> _WHAT IS EXPECTED_: All that should come back is the lines of the data below from the one containing "(* Let $S$ be" to the one containing "From Stdlib Require Import Reals Lra List.", inclusive, exactly as they stand.

> _EXERCISE MATERIAL_:

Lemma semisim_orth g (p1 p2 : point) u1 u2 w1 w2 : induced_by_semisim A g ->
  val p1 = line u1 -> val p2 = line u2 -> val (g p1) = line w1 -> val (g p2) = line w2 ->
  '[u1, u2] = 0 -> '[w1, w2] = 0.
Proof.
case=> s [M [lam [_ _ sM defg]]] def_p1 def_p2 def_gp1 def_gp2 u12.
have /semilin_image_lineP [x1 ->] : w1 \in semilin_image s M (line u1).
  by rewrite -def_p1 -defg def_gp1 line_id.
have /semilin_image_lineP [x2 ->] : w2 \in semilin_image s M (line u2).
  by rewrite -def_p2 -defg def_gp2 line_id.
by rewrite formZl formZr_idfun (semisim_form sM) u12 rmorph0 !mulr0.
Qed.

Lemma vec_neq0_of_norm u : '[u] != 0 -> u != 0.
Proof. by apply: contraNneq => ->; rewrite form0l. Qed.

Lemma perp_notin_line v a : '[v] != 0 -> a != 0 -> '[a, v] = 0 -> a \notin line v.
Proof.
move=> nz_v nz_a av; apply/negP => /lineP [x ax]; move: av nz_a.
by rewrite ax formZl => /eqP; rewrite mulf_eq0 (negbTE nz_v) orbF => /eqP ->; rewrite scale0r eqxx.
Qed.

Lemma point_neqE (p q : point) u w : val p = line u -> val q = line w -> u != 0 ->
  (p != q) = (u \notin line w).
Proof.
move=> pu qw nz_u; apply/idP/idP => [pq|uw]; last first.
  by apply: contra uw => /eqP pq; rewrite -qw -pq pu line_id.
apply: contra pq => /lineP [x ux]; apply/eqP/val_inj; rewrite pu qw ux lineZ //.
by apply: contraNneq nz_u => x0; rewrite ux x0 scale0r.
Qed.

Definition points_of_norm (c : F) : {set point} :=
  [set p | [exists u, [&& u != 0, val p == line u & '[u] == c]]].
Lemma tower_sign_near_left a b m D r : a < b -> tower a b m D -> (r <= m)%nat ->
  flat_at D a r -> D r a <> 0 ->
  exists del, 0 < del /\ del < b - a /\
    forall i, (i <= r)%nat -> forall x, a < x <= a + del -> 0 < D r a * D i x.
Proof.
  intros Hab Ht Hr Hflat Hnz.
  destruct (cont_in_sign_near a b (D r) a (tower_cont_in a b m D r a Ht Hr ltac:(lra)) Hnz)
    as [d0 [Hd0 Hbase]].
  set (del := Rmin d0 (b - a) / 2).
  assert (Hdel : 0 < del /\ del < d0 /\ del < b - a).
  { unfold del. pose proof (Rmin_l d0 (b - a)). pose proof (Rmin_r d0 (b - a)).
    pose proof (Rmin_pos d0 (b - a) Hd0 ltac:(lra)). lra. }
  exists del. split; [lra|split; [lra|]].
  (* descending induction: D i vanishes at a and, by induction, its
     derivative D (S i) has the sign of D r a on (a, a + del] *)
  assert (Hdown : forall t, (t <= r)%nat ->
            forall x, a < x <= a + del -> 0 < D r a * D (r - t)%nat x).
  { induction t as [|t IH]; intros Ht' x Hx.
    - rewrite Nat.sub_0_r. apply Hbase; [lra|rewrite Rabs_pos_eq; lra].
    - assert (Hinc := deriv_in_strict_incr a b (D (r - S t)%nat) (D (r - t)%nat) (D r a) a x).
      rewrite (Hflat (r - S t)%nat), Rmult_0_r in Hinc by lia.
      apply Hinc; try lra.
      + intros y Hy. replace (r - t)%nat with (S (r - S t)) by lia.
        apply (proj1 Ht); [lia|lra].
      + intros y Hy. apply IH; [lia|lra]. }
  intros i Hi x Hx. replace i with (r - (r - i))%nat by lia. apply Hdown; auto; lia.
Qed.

==

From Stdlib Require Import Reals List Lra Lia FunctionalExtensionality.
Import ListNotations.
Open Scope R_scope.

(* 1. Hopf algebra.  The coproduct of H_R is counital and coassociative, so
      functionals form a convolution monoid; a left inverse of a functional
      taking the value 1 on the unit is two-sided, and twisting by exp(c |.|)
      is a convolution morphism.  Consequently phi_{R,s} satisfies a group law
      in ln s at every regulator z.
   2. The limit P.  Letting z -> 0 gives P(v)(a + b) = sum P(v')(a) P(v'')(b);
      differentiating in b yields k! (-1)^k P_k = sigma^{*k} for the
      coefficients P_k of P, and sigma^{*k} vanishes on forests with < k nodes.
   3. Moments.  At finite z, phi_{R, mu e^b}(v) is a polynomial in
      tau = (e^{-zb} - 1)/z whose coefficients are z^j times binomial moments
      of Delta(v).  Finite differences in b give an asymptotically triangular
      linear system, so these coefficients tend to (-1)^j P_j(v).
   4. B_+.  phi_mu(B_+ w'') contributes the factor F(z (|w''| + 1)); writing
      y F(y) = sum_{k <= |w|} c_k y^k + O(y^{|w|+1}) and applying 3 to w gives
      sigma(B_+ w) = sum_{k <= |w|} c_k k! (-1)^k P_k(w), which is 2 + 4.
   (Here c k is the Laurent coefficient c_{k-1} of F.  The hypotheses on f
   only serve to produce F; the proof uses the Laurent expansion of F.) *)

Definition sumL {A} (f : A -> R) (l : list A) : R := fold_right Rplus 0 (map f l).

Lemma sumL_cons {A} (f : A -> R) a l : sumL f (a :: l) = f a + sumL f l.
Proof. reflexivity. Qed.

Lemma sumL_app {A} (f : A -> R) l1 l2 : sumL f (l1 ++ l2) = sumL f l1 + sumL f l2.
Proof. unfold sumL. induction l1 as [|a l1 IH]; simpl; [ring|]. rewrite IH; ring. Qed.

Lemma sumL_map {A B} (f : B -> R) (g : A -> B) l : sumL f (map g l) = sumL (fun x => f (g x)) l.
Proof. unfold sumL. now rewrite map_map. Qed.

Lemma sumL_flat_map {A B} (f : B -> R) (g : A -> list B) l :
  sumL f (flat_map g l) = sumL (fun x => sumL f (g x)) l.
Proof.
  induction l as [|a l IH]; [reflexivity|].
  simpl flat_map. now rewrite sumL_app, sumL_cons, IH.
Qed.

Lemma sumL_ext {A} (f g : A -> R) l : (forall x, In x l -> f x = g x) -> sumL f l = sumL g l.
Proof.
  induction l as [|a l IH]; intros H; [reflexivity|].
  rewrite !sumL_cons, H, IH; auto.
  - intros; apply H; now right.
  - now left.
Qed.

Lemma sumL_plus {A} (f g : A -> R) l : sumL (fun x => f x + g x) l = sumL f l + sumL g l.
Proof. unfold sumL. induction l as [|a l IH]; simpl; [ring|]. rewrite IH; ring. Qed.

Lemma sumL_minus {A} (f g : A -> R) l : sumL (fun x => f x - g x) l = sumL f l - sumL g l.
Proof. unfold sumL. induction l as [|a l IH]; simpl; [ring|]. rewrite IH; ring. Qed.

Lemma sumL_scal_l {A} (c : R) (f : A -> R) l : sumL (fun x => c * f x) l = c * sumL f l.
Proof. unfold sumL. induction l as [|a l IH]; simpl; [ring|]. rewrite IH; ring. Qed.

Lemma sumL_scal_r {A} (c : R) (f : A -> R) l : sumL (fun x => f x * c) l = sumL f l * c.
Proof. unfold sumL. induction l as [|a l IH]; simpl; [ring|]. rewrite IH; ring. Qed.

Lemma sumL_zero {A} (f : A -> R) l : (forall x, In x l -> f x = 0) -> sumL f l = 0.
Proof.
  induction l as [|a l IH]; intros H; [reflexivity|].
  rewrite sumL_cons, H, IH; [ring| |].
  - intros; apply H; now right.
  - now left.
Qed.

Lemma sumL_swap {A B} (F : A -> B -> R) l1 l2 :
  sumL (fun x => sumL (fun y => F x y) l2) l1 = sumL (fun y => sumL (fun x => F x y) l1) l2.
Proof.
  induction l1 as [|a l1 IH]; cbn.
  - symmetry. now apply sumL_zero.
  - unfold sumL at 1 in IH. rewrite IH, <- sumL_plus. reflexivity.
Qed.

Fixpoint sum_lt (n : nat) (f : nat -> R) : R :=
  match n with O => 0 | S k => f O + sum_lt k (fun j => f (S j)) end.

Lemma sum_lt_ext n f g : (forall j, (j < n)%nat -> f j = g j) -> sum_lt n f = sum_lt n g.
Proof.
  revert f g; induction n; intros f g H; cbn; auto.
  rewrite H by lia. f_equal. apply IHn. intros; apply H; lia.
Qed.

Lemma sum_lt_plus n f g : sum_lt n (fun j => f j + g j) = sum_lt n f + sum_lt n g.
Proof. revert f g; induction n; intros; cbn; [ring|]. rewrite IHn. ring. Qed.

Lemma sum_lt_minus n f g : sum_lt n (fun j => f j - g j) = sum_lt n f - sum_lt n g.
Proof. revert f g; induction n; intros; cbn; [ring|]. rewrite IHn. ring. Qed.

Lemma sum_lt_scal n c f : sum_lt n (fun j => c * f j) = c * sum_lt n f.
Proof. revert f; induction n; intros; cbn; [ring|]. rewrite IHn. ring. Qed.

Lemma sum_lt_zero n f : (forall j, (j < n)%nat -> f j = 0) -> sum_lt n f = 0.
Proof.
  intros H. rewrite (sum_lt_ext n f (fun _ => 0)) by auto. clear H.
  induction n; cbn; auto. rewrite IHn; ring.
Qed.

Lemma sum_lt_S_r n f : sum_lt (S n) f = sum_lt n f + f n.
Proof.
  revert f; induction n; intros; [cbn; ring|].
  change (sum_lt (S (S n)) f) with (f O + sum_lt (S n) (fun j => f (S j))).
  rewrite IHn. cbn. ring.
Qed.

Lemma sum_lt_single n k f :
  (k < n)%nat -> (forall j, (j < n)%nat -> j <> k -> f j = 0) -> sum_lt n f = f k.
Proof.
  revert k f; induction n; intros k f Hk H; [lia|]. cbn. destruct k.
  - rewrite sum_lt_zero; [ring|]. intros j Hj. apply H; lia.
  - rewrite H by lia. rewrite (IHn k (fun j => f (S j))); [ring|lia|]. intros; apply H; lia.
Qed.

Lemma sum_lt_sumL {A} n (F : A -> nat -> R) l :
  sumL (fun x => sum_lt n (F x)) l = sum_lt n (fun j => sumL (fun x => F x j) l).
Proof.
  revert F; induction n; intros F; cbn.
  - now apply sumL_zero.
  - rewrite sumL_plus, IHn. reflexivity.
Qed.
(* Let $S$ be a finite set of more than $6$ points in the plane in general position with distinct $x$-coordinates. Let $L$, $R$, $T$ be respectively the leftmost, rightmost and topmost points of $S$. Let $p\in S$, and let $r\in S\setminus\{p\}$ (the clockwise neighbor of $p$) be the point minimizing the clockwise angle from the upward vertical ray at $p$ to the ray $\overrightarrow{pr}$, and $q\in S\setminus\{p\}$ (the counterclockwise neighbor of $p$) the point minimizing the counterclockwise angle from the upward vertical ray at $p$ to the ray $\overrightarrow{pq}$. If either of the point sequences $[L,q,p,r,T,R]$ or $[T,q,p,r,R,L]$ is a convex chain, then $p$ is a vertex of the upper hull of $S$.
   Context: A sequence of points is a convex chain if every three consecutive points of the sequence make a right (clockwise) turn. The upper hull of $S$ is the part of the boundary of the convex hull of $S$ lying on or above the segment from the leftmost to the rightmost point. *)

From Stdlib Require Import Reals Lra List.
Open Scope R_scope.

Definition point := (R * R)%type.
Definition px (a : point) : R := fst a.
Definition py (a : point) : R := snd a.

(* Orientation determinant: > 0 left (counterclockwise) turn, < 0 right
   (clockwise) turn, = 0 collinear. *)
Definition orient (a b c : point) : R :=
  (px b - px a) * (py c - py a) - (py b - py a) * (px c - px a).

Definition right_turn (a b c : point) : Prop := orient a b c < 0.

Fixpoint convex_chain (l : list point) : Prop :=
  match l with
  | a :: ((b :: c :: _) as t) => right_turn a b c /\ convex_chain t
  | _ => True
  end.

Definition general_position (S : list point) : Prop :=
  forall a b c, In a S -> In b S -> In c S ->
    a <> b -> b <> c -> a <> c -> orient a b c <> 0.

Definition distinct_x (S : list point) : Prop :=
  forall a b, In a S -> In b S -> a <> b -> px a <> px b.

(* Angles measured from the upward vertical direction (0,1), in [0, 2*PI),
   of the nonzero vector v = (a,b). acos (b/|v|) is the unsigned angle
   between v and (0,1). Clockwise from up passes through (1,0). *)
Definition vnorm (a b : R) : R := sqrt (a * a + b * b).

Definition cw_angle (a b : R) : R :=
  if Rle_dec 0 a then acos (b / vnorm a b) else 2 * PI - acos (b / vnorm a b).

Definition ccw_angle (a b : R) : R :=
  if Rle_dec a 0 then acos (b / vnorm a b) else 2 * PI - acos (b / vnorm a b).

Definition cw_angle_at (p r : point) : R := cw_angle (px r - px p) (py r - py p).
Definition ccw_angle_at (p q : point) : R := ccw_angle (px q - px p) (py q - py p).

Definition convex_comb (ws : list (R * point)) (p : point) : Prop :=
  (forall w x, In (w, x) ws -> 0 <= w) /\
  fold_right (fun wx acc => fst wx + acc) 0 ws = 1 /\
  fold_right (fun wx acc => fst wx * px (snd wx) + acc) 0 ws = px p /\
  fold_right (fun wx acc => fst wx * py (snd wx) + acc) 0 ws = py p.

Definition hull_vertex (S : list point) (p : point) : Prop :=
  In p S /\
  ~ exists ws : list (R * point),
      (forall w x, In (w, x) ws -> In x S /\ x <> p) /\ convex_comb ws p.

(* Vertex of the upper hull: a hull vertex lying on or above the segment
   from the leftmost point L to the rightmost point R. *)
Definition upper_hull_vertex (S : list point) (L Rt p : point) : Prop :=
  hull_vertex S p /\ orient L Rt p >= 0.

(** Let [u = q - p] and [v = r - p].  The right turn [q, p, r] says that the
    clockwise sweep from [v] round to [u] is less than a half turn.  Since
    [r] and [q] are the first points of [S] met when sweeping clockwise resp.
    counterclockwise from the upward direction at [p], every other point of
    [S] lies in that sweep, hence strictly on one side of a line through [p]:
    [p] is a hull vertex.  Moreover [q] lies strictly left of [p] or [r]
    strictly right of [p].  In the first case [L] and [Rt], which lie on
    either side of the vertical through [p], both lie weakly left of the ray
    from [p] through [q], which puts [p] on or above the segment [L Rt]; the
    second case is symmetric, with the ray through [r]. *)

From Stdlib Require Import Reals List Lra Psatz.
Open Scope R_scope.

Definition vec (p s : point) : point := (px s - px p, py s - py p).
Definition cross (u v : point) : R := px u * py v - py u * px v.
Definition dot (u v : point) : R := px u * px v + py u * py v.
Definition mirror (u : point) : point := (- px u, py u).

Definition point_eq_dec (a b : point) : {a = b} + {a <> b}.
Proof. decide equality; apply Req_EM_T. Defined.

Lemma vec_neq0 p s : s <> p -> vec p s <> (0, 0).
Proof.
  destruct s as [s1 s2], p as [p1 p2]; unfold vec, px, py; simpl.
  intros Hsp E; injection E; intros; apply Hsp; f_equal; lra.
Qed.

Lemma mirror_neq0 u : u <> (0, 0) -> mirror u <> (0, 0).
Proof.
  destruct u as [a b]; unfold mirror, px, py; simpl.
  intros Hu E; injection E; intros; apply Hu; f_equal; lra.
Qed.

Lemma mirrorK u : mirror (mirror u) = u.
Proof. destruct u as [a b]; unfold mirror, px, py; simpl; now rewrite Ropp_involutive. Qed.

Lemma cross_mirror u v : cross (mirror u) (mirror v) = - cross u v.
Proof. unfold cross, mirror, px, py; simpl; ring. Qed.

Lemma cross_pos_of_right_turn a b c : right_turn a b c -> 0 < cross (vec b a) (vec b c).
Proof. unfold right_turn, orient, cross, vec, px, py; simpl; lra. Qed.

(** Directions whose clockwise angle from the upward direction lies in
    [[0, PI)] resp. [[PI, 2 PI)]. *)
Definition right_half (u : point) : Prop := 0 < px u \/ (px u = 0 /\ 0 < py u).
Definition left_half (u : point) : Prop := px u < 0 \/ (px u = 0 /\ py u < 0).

> _TASK OUTPUT_:
(* Let $S$ be a finite set of more than $6$ points in the plane in general position with distinct $x$-coordinates. Let $L$, $R$, $T$ be respectively the leftmost, rightmost and topmost points of $S$. Let $p\in S$, and let $r\in S\setminus\{p\}$ (the clockwise neighbor of $p$) be the point minimizing the clockwise angle from the upward vertical ray at $p$ to the ray $\overrightarrow{pr}$, and $q\in S\setminus\{p\}$ (the counterclockwise neighbor of $p$) the point minimizing the counterclockwise angle from the upward vertical ray at $p$ to the ray $\overrightarrow{pq}$. If either of the point sequences $[L,q,p,r,T,R]$ or $[T,q,p,r,R,L]$ is a convex chain, then $p$ is a vertex of the upper hull of $S$.
   Context: A sequence of points is a convex chain if every three consecutive points of the sequence make a right (clockwise) turn. The upper hull of $S$ is the part of the boundary of the convex hull of $S$ lying on or above the segment from the leftmost to the rightmost point. *)

From Stdlib Require Import Reals Lra List.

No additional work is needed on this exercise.